DIRECTIONS: Below are lines of data; restate word for word those running from the line containing "degenerate constant case, such" to the line containing "Hypotheses (D0 : D", inclusive, and no others.

*** STORED DATA ***

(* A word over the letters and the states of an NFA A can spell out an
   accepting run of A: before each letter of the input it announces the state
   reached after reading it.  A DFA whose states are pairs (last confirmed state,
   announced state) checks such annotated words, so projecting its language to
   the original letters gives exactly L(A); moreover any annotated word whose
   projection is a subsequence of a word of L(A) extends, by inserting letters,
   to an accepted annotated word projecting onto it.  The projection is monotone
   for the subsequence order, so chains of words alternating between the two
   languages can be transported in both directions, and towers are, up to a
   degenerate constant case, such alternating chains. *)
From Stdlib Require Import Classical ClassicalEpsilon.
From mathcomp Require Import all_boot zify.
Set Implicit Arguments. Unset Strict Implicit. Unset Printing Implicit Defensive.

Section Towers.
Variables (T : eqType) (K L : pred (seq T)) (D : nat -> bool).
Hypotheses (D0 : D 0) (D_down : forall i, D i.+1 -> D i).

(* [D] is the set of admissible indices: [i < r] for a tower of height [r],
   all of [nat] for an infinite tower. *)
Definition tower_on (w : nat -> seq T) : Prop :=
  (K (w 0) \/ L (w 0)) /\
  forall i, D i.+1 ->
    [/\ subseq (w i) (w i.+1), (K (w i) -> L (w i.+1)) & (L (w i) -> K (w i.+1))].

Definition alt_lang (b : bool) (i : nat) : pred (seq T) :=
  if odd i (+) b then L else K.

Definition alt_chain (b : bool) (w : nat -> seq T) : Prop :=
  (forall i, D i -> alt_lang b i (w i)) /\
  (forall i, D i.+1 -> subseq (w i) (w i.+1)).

***

WRITTEN ANSWER:
   degenerate constant case, such alternating chains. *)
From Stdlib Require Import Classical ClassicalEpsilon.
From mathcomp Require Import all_boot zify.
Set Implicit Arguments. Unset Strict Implicit. Unset Printing Implicit Defensive.

Section Towers.
Variables (T : eqType) (K L : pred (seq T)) (D : nat -> bool).
Hypotheses (D0 : D 0) (D_down : forall i, D i.+1 -> D i).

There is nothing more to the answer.